In our overclocking efforts we utilized MSI’s Afterburner, EVGA’s Precision, and ASUS’s GPU Tweak for extracting the most out of each card. All of our clocks were reached on the default voltage provided by the manufacturer, with only the board power being adjusted to its maximum setting.
First up in our overclock results we have the MSI GeForce GTX 660 Ti. We were able to run stable at 1150MHz GPU core and 7008MHz on the memory. That is a full 130MHz over the default core speed and 1000MHz over the default memory speed! The Boost Clock also got a 130MHz jump to 1228MHz.
Next up is the EVGA GeForce GTX 660 Ti Super Clock. The core was stable running 1080MHz, 100MHz over the default speeds and the memory reached the same 7008MHz as the MSI GeForce GTX 660 Ti. Boost Clock is tied to the core clock and got the same 100MHz bump up to 1159MHz.
Finally we have the ASUS GeForce GTX 660 Ti. By default it started out with the highest of the three GeForce GTX 660 Ti cards we have here, with 1059MHz on the core. After some tweaking we were able to get an additional 50MHz on the core and the same 1000MHz jump to 7008MHz on the memory. Boost clock went from 1137 to 1187MHz.
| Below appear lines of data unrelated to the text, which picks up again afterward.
(* Let $p\in\mathbb{R}$ and let $\gamma$ be a $p$-elastic curve in $\mathbb{S}^2$ whose curvature is a non-constant periodic function of arc length. Then either $p=2$ or $p\in(0,1)$.
   Context: $\mathbb{S}^2$ is the unit sphere in $\mathbb{R}^3$ with the induced metric. For an immersed curve $\gamma$ in $\mathbb{S}^2$ parametrized by arc length $s$, let $T=\gamma'$, let $N$ be the rotation of $T$ by $+\pi/2$ in the tangent plane of $\mathbb{S}^2$, and define the geodesic curvature $\kappa$ by $\nabla_T T=\kappa N$. Curves are smooth (class $\mathcal{C}^4$ suffices). Here $\mathbb{N}$ includes $0$. The $p$-elastic functional is $\mathbf{\Theta}_p(\gamma)=\int_\gamma \kappa^p\,ds$; if $p\in\mathbb{R}\setminus\mathbb{N}$ it is considered only on convex curves ($\kappa>0$ everywhere). A $p$-elastic curve is a curve (convex if $p\notin\mathbb{N}$) whose curvature satisfies $$p\,\frac{d^2}{ds^2}\left(\kappa^{p-1}\right)+(p-1)\kappa^{p+1}+p\,\kappa^{p-1}=0.$$ *)

From Stdlib Require Import Reals.
From Coquelicot Require Import Coquelicot.
Open Scope R_scope.

(** Real power x^a: integer power when a is an integer (so that, e.g.,
    kappa^(p-1) makes sense for sign-changing kappa when p is a natural
    number), and Rpower x a (= exp (a ln x), meaningful for x > 0) otherwise.
    For x > 0 both branches agree with the usual x^a. *)
Definition cpow (x a : R) : R :=
  if Req_EM_T (IZR (Int_part a)) a then powerRZ x (Int_part a) else Rpower x a.

Definition is_natp (p : R) : Prop := exists n : nat, p = INR n.

Record curve3 := Curve3 { cx : R -> R ; cy : R -> R ; cz : R -> R }.

Definition C4 (f : R -> R) : Prop :=
  (forall (k : nat) (s : R), (k <= 4)%nat -> ex_derive_n f k s) /\
  (forall s, continuous (Derive_n f 4) s).

Definition arclength_S2_curve (g : curve3) : Prop :=
  C4 (cx g) /\ C4 (cy g) /\ C4 (cz g) /\
  (forall s, (cx g s)^2 + (cy g s)^2 + (cz g s)^2 = 1) /\
  (forall s, (Derive (cx g) s)^2 + (Derive (cy g) s)^2 + (Derive (cz g) s)^2 = 1).

Definition T1 (g : curve3) s := Derive (cx g) s.
Definition T2 (g : curve3) s := Derive (cy g) s.
Definition T3 (g : curve3) s := Derive (cz g) s.

(** N = rotation of T by +pi/2 in the tangent plane T_gamma S^2, oriented by
    the outward normal gamma:  N = gamma x T. *)
Definition N1 (g : curve3) s := cy g s * T3 g s - cz g s * T2 g s.
Definition N2 (g : curve3) s := cz g s * T1 g s - cx g s * T3 g s.
Definition N3 (g : curve3) s := cx g s * T2 g s - cy g s * T1 g s.

(** Geodesic curvature: nabla_T T = kappa N, where nabla_T T is the tangential
    projection of gamma''; since N is tangent to S^2 and unit,
    kappa = < nabla_T T , N > = < gamma'' , N >. *)
Definition geod_curv (g : curve3) (s : R) : R :=
  Derive_n (cx g) 2 s * N1 g s + Derive_n (cy g) 2 s * N2 g s
  + Derive_n (cz g) 2 s * N3 g s.

Definition p_elastic (p : R) (g : curve3) : Prop :=
  let k := geod_curv g in
  let F := fun s => cpow (k s) (p - 1) in
  (~ is_natp p -> forall s, 0 < k s) /\
  (forall s, ex_derive F s) /\
  (forall s, ex_derive_n F 2 s) /\
  (forall s, p * Derive_n F 2 s + (p - 1) * cpow (k s) (p + 1) + p * F s = 0).

Definition nonconst_periodic (f : R -> R) : Prop :=
  (exists L, 0 < L /\ forall s, f (s + L) = f s) /\
  (exists s1 s2, f s1 <> f s2).

From Stdlib Require Import Reals Lra Lia Psatz Classical.
From Coquelicot Require Import Coquelicot.
Open Scope R_scope.

(* F = kappa^(p-1) and its derivative are periodic, so by Rolle F'' vanishes at
   some c, where the equation reduces to kappa^(p-1) ((p-1) kappa^2 + p) = 0.
   If p is not an integer, kappa > 0 and (p-1) kappa(c)^2 = -p, whence
   0 < p < 1.  For p = n integer: n = 0 forces kappa = 0 identically, n = 1
   makes the equation at c read 1 = 0, and for n >= 3 it gives kappa(c) = 0.
   In the last case the first integral
   p/2 F'^2 + (p-1)^2/(2p) kappa^(2p) + p/2 F^2 vanishes at c, hence
   everywhere, so again kappa = 0.  A vanishing curvature is constant, so
   only p = 2 and 0 < p < 1 remain. *)

Lemma C4_ex_derive_Derive_n f k s : C4 f -> (k <= 3)%nat -> ex_derive (Derive_n f k) s.
Proof. intros [Hf _] Hk; exact (Hf (S k) s ltac:(lia)). Qed.

Lemma geod_curv_ex_derive g : arclength_S2_curve g -> forall s, ex_derive (geod_curv g) s.
Proof.
intros [Hx [Hy [Hz _]]] s.
unfold geod_curv, N1, N2, N3, T1, T2, T3.
auto_derive.
repeat split; match goal with
  | |- ex_derive (fun _ => Derive (fun _ => Derive (fun _ => ?f _) _) _) _ =>
      exact (C4_ex_derive_Derive_n f 2 s ltac:(assumption) ltac:(lia))
  | |- ex_derive (fun _ => Derive ?f _) _ =>
      exact (C4_ex_derive_Derive_n f 1 s ltac:(assumption) ltac:(lia))
  | |- ex_derive (fun _ => ?f _) _ =>
      exact (C4_ex_derive_Derive_n f 0 s ltac:(assumption) ltac:(lia))
  end.
Qed.

Lemma Rpow_eq_0 x n : x ^ n = 0 -> x = 0.
Proof.
intros Hx; destruct (Req_dec x 0) as [| Hx0]; [assumption |].
now apply pow_nonzero with (n := n) in Hx0.
Qed.

Lemma cpow_Rpower x a : 0 < x -> cpow x a = Rpower x a.
Proof.
intros Hx; unfold cpow.
destruct Req_EM_T as [Ea | _]; [now rewrite powerRZ_Rpower, Ea | reflexivity].
Qed.

Lemma cpow_INR x n : cpow x (INR n) = x ^ n.
Proof.
unfold cpow.
assert (Hn : Int_part (INR n) = Z.of_nat n).
{ symmetry; apply Int_part_spec; rewrite <- INR_IZR_INZ; lra. }
rewrite Hn, <- INR_IZR_INZ.
destruct Req_EM_T as [_ | En]; [now rewrite pow_powerRZ | lra].
Qed.

Lemma cpow_INR_S_sub1 x n : cpow x (INR (S n) - 1) = x ^ n.
Proof. rewrite S_INR, <- cpow_INR; f_equal; ring. Qed.

Lemma cpow_INR_S_add1 x n : cpow x (INR (S n) + 1) = x ^ S (S n).
Proof. rewrite <- cpow_INR, !S_INR; f_equal; ring. Qed.

Lemma Derive_periodic (f : R -> R) L :
  (forall s, f (s + L) = f s) -> forall s, Derive f (s + L) = Derive f s.
Proof.
intros Hper s; unfold Derive; f_equal; apply Lim_ext; intros h.
now replace (s + L + h) with (s + h + L) by ring; rewrite !Hper.
Qed.

Lemma periodic_Derive_root (f : R -> R) L :
  0 < L -> (forall s, f (s + L) = f s) -> (forall s, ex_derive f s) ->
  exists c, Derive f c = 0.
Proof.
intros HL Hper Hf.
destruct (MVT_cor4 f (Derive f) 0 (Rabs L) (fun c _ => Derive_correct f c (Hf c)) L)
  as [c [Hc _]]; [rewrite Rminus_0_r; lra |].
exists c; rewrite <- (Rplus_0_l L), Hper in Hc; nra.
Qed.

Lemma is_derive_0_eq (f : R -> R) :
  (forall s, is_derive f s 0) -> forall x y, f x = f y.
Proof.
intros Hf x y.
destruct (MVT_cor4 f (fun _ => 0) x (Rabs (y - x)) (fun c _ => Hf c) y (Rle_refl _))
  as [c [Hc _]]; lra.
Qed.

Lemma p_elastic_critical_point p g L :
  0 < L -> (forall s, geod_curv g (s + L) = geod_curv g s) -> p_elastic p g ->
  exists c, (p - 1) * cpow (geod_curv g c) (p + 1) + p * cpow (geod_curv g c) (p - 1) = 0.
Proof.
intros HL Hper [_ [_ [HF2 Hode]]]; cbv zeta in *.
set (F := fun s => cpow (geod_curv g s) (p - 1)) in *.
assert (HFper : forall s, F (s + L) = F s) by (intros s; unfold F; now rewrite Hper).
destruct (periodic_Derive_root (Derive F) L HL (Derive_periodic F L HFper) HF2) as [c Hc].
exists c; specialize (Hode c); change (Derive_n F 2 c) with (Derive (Derive F) c) in Hode.
rewrite Hc in Hode; unfold F in Hode; lra.
Qed.

Lemma Rpower_elastic_critical p x :
  0 < x -> (p - 1) * Rpower x (p + 1) + p * Rpower x (p - 1) = 0 -> 0 < p < 1.
Proof.
intros Hx Hcrit.
replace (p + 1) with (p - 1 + INR 2) in Hcrit by (simpl; ring).
rewrite Rpower_plus, Rpower_pow in Hcrit by exact Hx.
assert (Hpos : 0 < Rpower x (p - 1)) by apply exp_pos.
assert (Hq : (p - 1) * x ^ 2 + p = 0).
{ apply (Rmult_eq_reg_l (Rpower x (p - 1))); nra. }
assert (0 < x ^ 2) by (apply pow_lt; lra).
split; nra.
Qed.

Lemma pow_elastic_critical n x :
  (INR (S n) - 1) * x ^ S (S n) + INR (S n) * x ^ n = 0 -> x ^ n = 0.
Proof.
intros Hcrit.
assert (Hn := pos_INR n); rewrite S_INR in Hcrit.
replace (x ^ S (S n)) with (x ^ n * x ^ 2) in Hcrit by (simpl; ring).
assert (0 <= x ^ 2) by (rewrite <- Rsqr_pow2; apply Rle_0_sqr).
apply (Rmult_eq_reg_r (INR n * x ^ 2 + INR n + 1)); nra.
Qed.

Lemma p_elastic_0_flat g : p_elastic 0 g -> forall s, geod_curv g s = 0.
Proof.
intros [_ [_ [_ Hode]]] s; specialize (Hode s); cbv zeta in Hode.
rewrite Rplus_0_l, (cpow_INR _ 1) in Hode; simpl in Hode; lra.
Qed.

(* The first integral of the elastic equation; with F = k^(p-1), the middle
   term is (p-1)^2/(2p) k^(2p). *)
Definition elastic_energy (p : R) (k F : R -> R) (s : R) : R :=
  p / 2 * Derive F s ^ 2 + (p - 1) ^ 2 / (2 * p) * (k s * F s) ^ 2 + p / 2 * F s ^ 2.

Section FirstIntegral.

Variables (k F : R -> R) (n : nat).
Hypothesis n_pos : (0 < n)%nat.
Hypothesis k_derivable : forall s, ex_derive k s.
Hypothesis F_pow : forall s, F s = k s ^ n.
Hypothesis F'_derivable : forall s, ex_derive (Derive F) s.
Hypothesis elastic : forall s,
  INR (S n) * Derive (Derive F) s + (INR (S n) - 1) * k s ^ S (S n) + INR (S n) * F s = 0.

Lemma Derive_F_pow s : Derive F s = INR n * Derive k s * k s ^ pred n.
Proof.
rewrite (Derive_ext F (fun t => k t ^ n) s F_pow).
apply is_derive_unique, is_derive_pow, Derive_correct, k_derivable.
Qed.

Lemma elastic_energy_derive s : is_derive (elastic_energy (INR (S n)) k F) s 0.
Proof.
assert (HF : forall t, ex_derive F t).
{ intros t; apply (ex_derive_ext (fun t => k t ^ n)); [intros; now rewrite F_pow |].
  apply ex_derive_pow, k_derivable. }
assert (HF'' : Derive (Derive F) s
  = - ((INR (S n) - 1) * k s ^ S (S n) + INR (S n) * F s) / INR (S n)).
{ specialize (elastic s). assert (Hn := pos_INR n). rewrite S_INR in *. field_simplify_eq; lra. }
assert (Hp : 0 < INR (S n)) by apply lt_0_INR, Nat.lt_0_succ.
remember (INR (S n)) as p eqn:Ep.
unfold elastic_energy; auto_derive; [repeat split; auto |].
change (fun x => Derive F x) with (Derive F); change (fun x => F x) with F;
  change (fun x => k x) with k.
rewrite HF'', Derive_F_pow, F_pow, Ep.
destruct n as [|m]; [lia |]. simpl pred.
replace (k s ^ S (S (S m))) with (k s ^ 3 * k s ^ m) by (simpl; ring).
replace (k s ^ S m) with (k s * k s ^ m) by (simpl; ring).
rewrite !S_INR in *. field. lra.
Qed.

Lemma elastic_flat c : (2 <= n)%nat -> k c = 0 -> forall s, k s = 0.
Proof.
intros Hn Hc s.
assert (HE : elastic_energy (INR (S n)) k F s = elastic_energy (INR (S n)) k F c)
  by apply is_derive_0_eq, elastic_energy_derive.
assert (HEc : elastic_energy (INR (S n)) k F c = 0).
{ unfold elastic_energy; rewrite Derive_F_pow, F_pow, Hc, !pow_i by lia; ring. }
assert (Hp : 0 < INR (S n)) by apply lt_0_INR, Nat.lt_0_succ.
assert (HFs : F s ^ 2 = 0).
{ rewrite HEc in HE; unfold elastic_energy in HE.
  assert (0 <= (INR (S n) - 1) ^ 2 / (2 * INR (S n)) * (k s * F s) ^ 2).
  { apply Rmult_le_pos; [apply Rdiv_le_0_compat |]; try apply pow2_ge_0; lra. }
  assert (0 <= Derive F s ^ 2) by apply pow2_ge_0.
  assert (0 <= F s ^ 2) by apply pow2_ge_0.
  nra. }
rewrite F_pow, <- pow_mult in HFs; exact (Rpow_eq_0 _ _ HFs).
Qed.

End FirstIntegral.

Lemma p_elastic_INR_flat n g c :
  (2 <= n)%nat -> arclength_S2_curve g -> p_elastic (INR (S n)) g ->
  geod_curv g c = 0 -> forall s, geod_curv g s = 0.
Proof.
intros Hn Hg [_ [_ [HF2 Hode]]]; cbv zeta in *.
apply (elastic_flat _ (fun s => cpow (geod_curv g s) (INR (S n) - 1)) n); try lia.
- apply geod_curv_ex_derive, Hg.
- intros s; apply cpow_INR_S_sub1.
- exact HF2.
- intros s; rewrite <- cpow_INR_S_add1; apply Hode.
Qed.

Theorem mainTheorem4 (p : R) (g : curve3) :
  arclength_S2_curve g ->
  p_elastic p g ->
  nonconst_periodic (geod_curv g) ->
  p = 2 \/ (0 < p /\ p < 1).
Proof.
intros Hg Hel [[L [HL Hper]] [s1 [s2 Hne]]].
assert (Hnonflat : ~ forall s, geod_curv g s = 0) by (intros Hz; apply Hne; now rewrite !Hz).
destruct (p_elastic_critical_point p g L HL Hper Hel) as [c Hc].
destruct (classic (is_natp p)) as [[[|n] ->] | Hnat].
- contradict Hnonflat; now apply p_elastic_0_flat.
- rewrite cpow_INR_S_add1, cpow_INR_S_sub1 in Hc.
  apply pow_elastic_critical in Hc.
  destruct n as [|[|n]].
  + simpl in Hc; lra.
  + left; simpl; ring.
  + contradict Hnonflat; apply (p_elastic_INR_flat (S (S n)) g c); try assumption; [lia |].
    exact (Rpow_eq_0 _ _ Hc).
- right; destruct Hel as [Hconv _].
  apply (Rpower_elastic_critical p (geod_curv g c)); [now apply Hconv |].
  now rewrite <- !cpow_Rpower by now apply Hconv.
Qed.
For our overclocked results we turn back to 3D Mark 11. With the clocks turned up we see the MSI GeForce GTX 660 Ti Twin Frozr pull away and post one of the highest GPU’s scores we have seen for a single card. The extra cooling provided by the Twin Frozr cooler helps the GPU to stay in boost for longer amounts of time. The ASUS GeForce GTX 660 Ti also pulls off some great numbers here, coming in just shy of 10k GPU score. The EVGA GeForce GTX 660 Ti Super Clock is certainly not least as it is right on the heels of the ASUS card. While the numbers are great for bragging rights, you would be hard pressed to tell the difference between the 3 overclocked GeForce GTX 660 Ti cards in actual gameplay.